Ron Carmel is the co-founder of 2D Boy (which created World of Goo), and partner at Indie Fund. He’s being interviewed by Jamin Warren, founder of Kill Screen magazine.
Projects: World of Goo
Company: Indie Fund
XOXOing: Indie Games and Alternate Funding
Bonnie and Clyde was important for a lot of reasons, but not least of all for its context, a Hollywood struggling with the demise of musicals and led to the renaissance of the medium at the hands of new auteurs. The gaming industry is going through a similar revitalization, with Ron’s World of Goo being one of the first of the new vanguard.
Ron’s background – he worked at Electronic Arts in his first game ever, because he’d wanted to make games since he was six years old. Didn’t realize in college or school that making games was a serious profession – it sounded like saying “I want to be a firefighter”, but going to EA changed that.
One of his first games was a clone of the Tron arcade game when he was 17, his first “real” game and then he didn’t have time to make games until he got to EA, which he joined after being laid off in the dot-com world in 2001. Working on the Pogo team was good because it was sheltered from some of the worst parts of the EA company culture. But the work there wasn’t primarily creative; Even though Ron could contribute he was mostly treated as a factory worker. Being at a big company requires you to be a specialized tool, but being independent is the exact opposite, and meeting Kyle made it immediately clear that there was another person who was interested in small games. “It was a natural pairing” for them to leave when they did; Jim Greer the founder of Kongregate left at the same time.

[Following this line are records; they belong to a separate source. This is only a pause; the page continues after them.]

(* Let $\mathcal{X}$ be a finite nonempty set of types, $n=(n_x)_{x\in\mathcal{X}}$ nonnegative integers, and $\Phi=(\Phi_{xy})_{x,y\in\mathcal{X}}$ a real matrix with $\Phi_{xy}=\Phi_{yx}$. Then $\mathcal{W}_{\mathcal{F}}(n,\Phi)=\mathcal{W}_{\mathcal{B}}(n,n,\Phi/2)$. Moreover, the maximization problem defining $\mathcal{W}_{\mathcal{F}}(n,\Phi)$ has a half-integral optimal solution (all entries in $\frac12\mathbb{N}$).
   Context: Fractional roommate matchings: $\mathcal{F}(n)=\{\mu=(\mu_{xy})_{x,y\in\mathcal{X}}:\ \mu_{xy}\ge0\text{ real},\ \mu_{xy}=\mu_{yx},\ 2\mu_{xx}+\sum_{y\ne x}\mu_{xy}\le n_x\ \forall x\}$, and $\mathcal{W}_{\mathcal{F}}(n,\Phi)=\max_{\mu\in\mathcal{F}(n)}\bigl(\sum_x\mu_{xx}\Phi_{xx}+\sum_{x\ne y}\mu_{xy}\Phi_{xy}/2\bigr)$. Bipartite problem: $\mathcal{B}(n,n)=\{\nu\in\mathbb{N}^{\mathcal{X}\times\mathcal{X}}:\ \sum_y\nu_{xy}\le n_x\ \forall x,\ \sum_x\nu_{xy}\le n_y\ \forall y\}$ and $\mathcal{W}_{\mathcal{B}}(n,n,\Phi/2)=\max_{\nu\in\mathcal{B}(n,n)}\sum_{x,y}\nu_{xy}\Phi_{xy}/2$. *)

From HB Require Import structures.
From mathcomp Require Import all_boot all_order all_algebra.
From mathcomp Require Import reals.
Set Implicit Arguments. Unset Strict Implicit. Unset Printing Implicit Defensive.
Import Order.TTheory GRing.Theory Num.Theory.
Local Open Scope ring_scope.

Section Defs.
Variables (R : realType) (X : finType).

Definition frac_matching (n : X -> nat) (mu : X -> X -> R) : Prop :=
  (forall x y, 0 <= mu x y) /\ (forall x y, mu x y = mu y x) /\
  (forall x, 2 * mu x x + \sum_(y | y != x) mu x y <= (n x)%:R).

The conventional wisdom these days is the “minimum viable product” idea, around “one person, one game, one week” and one of the most popular was Tower of Goo. This indie process was a lot different from what the big studios were doing, with no design documents and no attempt to create a magnum opus. You pick the one core mechanic of what you’re doing, and you build the simplest core mechanic of that.
Is “World of Goo” complete? If Kyle had his way, they’d have worked for another year, but they embraced the work-in-progress nature of being indie. They had a great range of non-overlapping skills which made them able to work together well on the project without any conflict. They’d started talking to publishers and amounts of money like $120,000 sounded enormous, but they eventually figured out the biggest offer they got was $650,000. And doing the math of how much they could sell through WiiWare and direct made it seem like it wouldn’t be worth the pain to work with traditional publishers. The worst deal they got was a European publisher that offered them $180,000 and 10% of net revenues.
World of Goo’s ended up a wild success, despite the unconventional tactic of targeting many platforms. And the team has kept iterating on it, offering up new versions and variations that customers have loved. Ron says he’s not officially retired, but he doesn’t have to work for the next 10 or 20 years. [Naturally, a round of applause.]
Lots of other indie game devs want to get funding so they don’t need any further funding, so they can stop being tenant farmer sharecroppers. Now they’ve published their funding terms as a public Google Doc, so that devs can see they’re getting a shitty deal from big publishers, or so other other indie devs have a starting point to work from.
Indie Fund is really distinguished from other sources of funding because it’s not the primary source of income from its investors, but it’s optimized for helping its fundees, and sharing the learnings between those games.